Gods Deconstructed

Beliefs and their objects, dismantled.

Evolution of Belief: Fetishism

It would be a mistake to think that the evolution of belief was like some sort of punctuated equilibrium, one belief being dropped when another was invented. Far from it. It would be more accurate to think of beliefs as memes that act like DNA, gradually evolving and building a genome over time. Animism did not give way to totemism, rather elements of animism and totemism merged as human beliefs evolved. Sure, over time one belief may have eventually been superseded by another but the evolving beliefs invariably incorporated elements of the earlier beliefs. Maybe earlier beliefs were eventually junked but they often remained in the background of people’s minds, reappearing as superstitions, which, while not real, helped humans get through their often miserable existences.

The evolution of beliefs usually went hand-in-hand with the social evolution of a family, eventually the amalgamation of a number of families and the evolution of social structures associated with a tribe. Each family’s beliefs merged or the biggest or most powerful family forced its beliefs on weaker ones. Usually the retention of a belief in its original form depended on a group of families, a tribe, being completely isolated from other tribes and societies.

The evolution of fetishism as a belief is often confused with magic or sexual deviation but it was one of the most important developments in human thinking. A fetish is an object, usually artistic, which has a special meaning. We saw that the artistic elements of totemism probably began as paintings on cave walls or rocks and probably depicted the totem of a family. It is, however, impossible to isolate painting as an art form. Remember that humans were still early in the stone age but were developing ever more sophisticated tools for killing and cutting meat, preparing vegetables, skinning animals for their fur and building living accommodation and modes of transport. Boats. As improved methods of working flint developed, chipping ever smaller pieces of flint became possible. Thin slivers were ideal not only for skinning but also for carving objects from materials like wood.

At first, objects were decorative, often used for bodily adornment. However, humans found that their brains could do something quite remarkable. They could think in the abstract.

Let us not forget that humans, although their societies were increasing in size and complexity, were still hunter-gatherers moving from place to place within an area. Painting a totem on a cave wall or rock meant that it would have to be repeated in all areas the tribe visited and would have become a particularly odious task. So the painting would instead be in one cave or on one rock in a place visited by the tribe. How much easier it would be to be able to carry a family’s totem with them? But there was a serious problem with that idea; if a family’s totem was a wolf but they visited areas where wolves did not roam, how could a model of the totem represent the animal in which their ancestors resided. The totem was a real thing, a part of their world, and as real as their departed ancestors. If the wolf was not in a place they visited before they developed the fetish they knew they would eventually return to the place where the wolf did roam and therefore they would return to their ancestors. Their ancestors were never far away.
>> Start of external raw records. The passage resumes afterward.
(* Q(s,beta) = beta^-s / (1 - r) with r = (1 - 1/beta)^s in [1 - 1/beta, 1); since
   beta < 2 this gives beta^s <= beta <= 1/(1 - r), so beta^s <= 2 Q. *)
Lemma Q_bound s beta : 0 < s <= 1 -> 1 < beta < 2 ->
  0 < Qsb s beta /\ Rpower beta s <= 2 * Qsb s beta.
Proof.
  intros Hs Hb.
  set (u := 1 - / beta).
  assert (Hib : / 2 < / beta < 1)
    by (split; [|rewrite <- Rinv_1]; apply Rinv_lt_contravar; lra).
  assert (Hu : 0 < u < 1) by (unfold u; lra).
  set (r := Rpower u s).
  assert (Hr : u <= r < 1).
  { split.
    - unfold r. rewrite <- (Rpower_1 u) at 1 by lra. apply Rpower_base_lt1; lra.
    - unfold r. rewrite <- (Rpower_O u) by lra. unfold Rpower. apply exp_increasing.
      assert (ln u < 0) by (rewrite <- ln_1; apply ln_increasing; lra). nra. }
  assert (HS : infinite_sum (fun i => Rpower u (INR i * s)) (/ (1 - r))).
  { pose proof (GP_infinite r ltac:(rewrite Rabs_right; lra)) as H. unfold Pser in H.
    replace (fun i => Rpower u (INR i * s)) with (fun n : nat => 1 * r ^ n); [exact H|].
    apply functional_extensionality. intros i. unfold r.
    rewrite <- Rpower_pow by apply exp_pos.
    rewrite Rpower_mult, Rmult_1_l. f_equal. ring. }
  assert (ES : epsilon (inhabits 0)
                 (fun l => infinite_sum (fun i => Rpower (1 - / beta) (INR i * s)) l)
               = / (1 - r)).
  { apply (uniqueness_sum (fun i => Rpower u (INR i * s))); [|exact HS].
    apply (epsilon_spec (inhabits 0)
             (fun l => infinite_sum (fun i => Rpower u (INR i * s)) l)).
    eauto. }
  unfold Qsb. rewrite ES, Rpower_Ropp.
  assert (Hge : beta <= / (1 - r)).
  { replace beta with (/ (1 - u)) by (unfold u; field; lra).
    apply Rinv_le_contravar; lra. }
  assert (Hps : 0 < Rpower beta s) by apply exp_pos.
  assert (Hpb : Rpower beta s <= beta)
    by (rewrite <- (Rpower_1 beta) at 2 by lra; apply Rle_Rpower; lra).
  split.
  - apply Rmult_lt_0_compat; [now apply Rinv_0_lt_compat|lra].
  - apply (Rmult_le_reg_l (Rpower beta s)); [exact Hps|].
    replace (Rpower beta s * (2 * (/ Rpower beta s * / (1 - r)))) with (2 * / (1 - r))
      by (field; lra).
    nra.
Qed.
(* Let $\vartheta$ be the random substitution on $\{a,b,c,d\}$ given by $\vartheta(a)=\{ab,ba\}$, $\vartheta(b)=\{cb,bc\}$, $\vartheta(c)=\{ad,da\}$, $\vartheta(d)=\{cd,dc\}$. Then its topological entropy is $s=\log 2$.
   Context: A random substitution on a finite alphabet $\mathcal A$ maps each letter to a finite non-empty set of non-empty words; it is extended to words by $\vartheta(u_1\cdots u_m)=\{w_1\cdots w_m: w_k\in\vartheta(u_k)\}$ and to sets of words by unions; powers $\vartheta^m$ are compositions. The language $\mathcal L$ is the set of all subwords (contiguous factors) of words in $\vartheta^m(a)$, $a\in\mathcal A$, $m\in\mathbb N$; $\mathcal L_\ell$ its words of length $\ell$; the topological entropy is $s=\lim_{\ell\to\infty}\frac1\ell\log\#\mathcal L_\ell$. *)

From Stdlib Require Import Reals List.
Import ListNotations.
Open Scope R_scope.

Definition rand_subst (A : Type) := A -> list (list A).

Fixpoint subst_word {A : Type} (th : rand_subst A) (u : list A) : list (list A) :=
  match u with
  | [] => [[]]
  | x :: u' => flat_map (fun w => map (fun r => w ++ r) (subst_word th u')) (th x)
  end.

Definition subst_set {A : Type} (th : rand_subst A) (S : list (list A)) : list (list A) :=
  flat_map (subst_word th) S.

Definition subst_pow {A : Type} (th : rand_subst A) (m : nat) (a : A) : list (list A) :=
  Nat.iter m (subst_set th) [[a]].

Definition subword {A : Type} (w v : list A) : Prop :=
  exists p s, v = p ++ w ++ s.

Definition in_language {A : Type} (th : rand_subst A) (w : list A) : Prop :=
  exists (a : A) (m : nat) (v : list A), In v (subst_pow th m a) /\ subword w v.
Thinking in abstract, however, allowed humans to think of the object depicting their totem, their fetish, as a representation of their dead. But if their dead resided in the totem but not in the fetish, how could they keep their ancestors with them? For some humans it would not have made sense. So maybe their ancestors did not actually live in the totem but instead lived in a different world, a spirit world, and their spirits could coexist in the spirit world and in their fetish? Or their fetish need merely be a representation of the spirits who existed in the spirit world?

The development of fetishism meant that humans had to devise a new way of thinking about their dead. Being able to think in the abstract about their world allowed the invention of a spirit world. The evolution of of abstract thoughts about spirits would eventually lead to the invention of religion. Before then, however, humans found they had a more pressing problem. Their fetishes were all well and good but they couldn’t converse with the spirits of their ancestors residing within them like they could a living totem. The totem need not be able to speak but it could show them the way and protect them. Maybe each family or tribe needed someone special who could communicate with the spirit world and let them know what their dead were trying to tell them that would help them, the living, in the real, non-spirit world.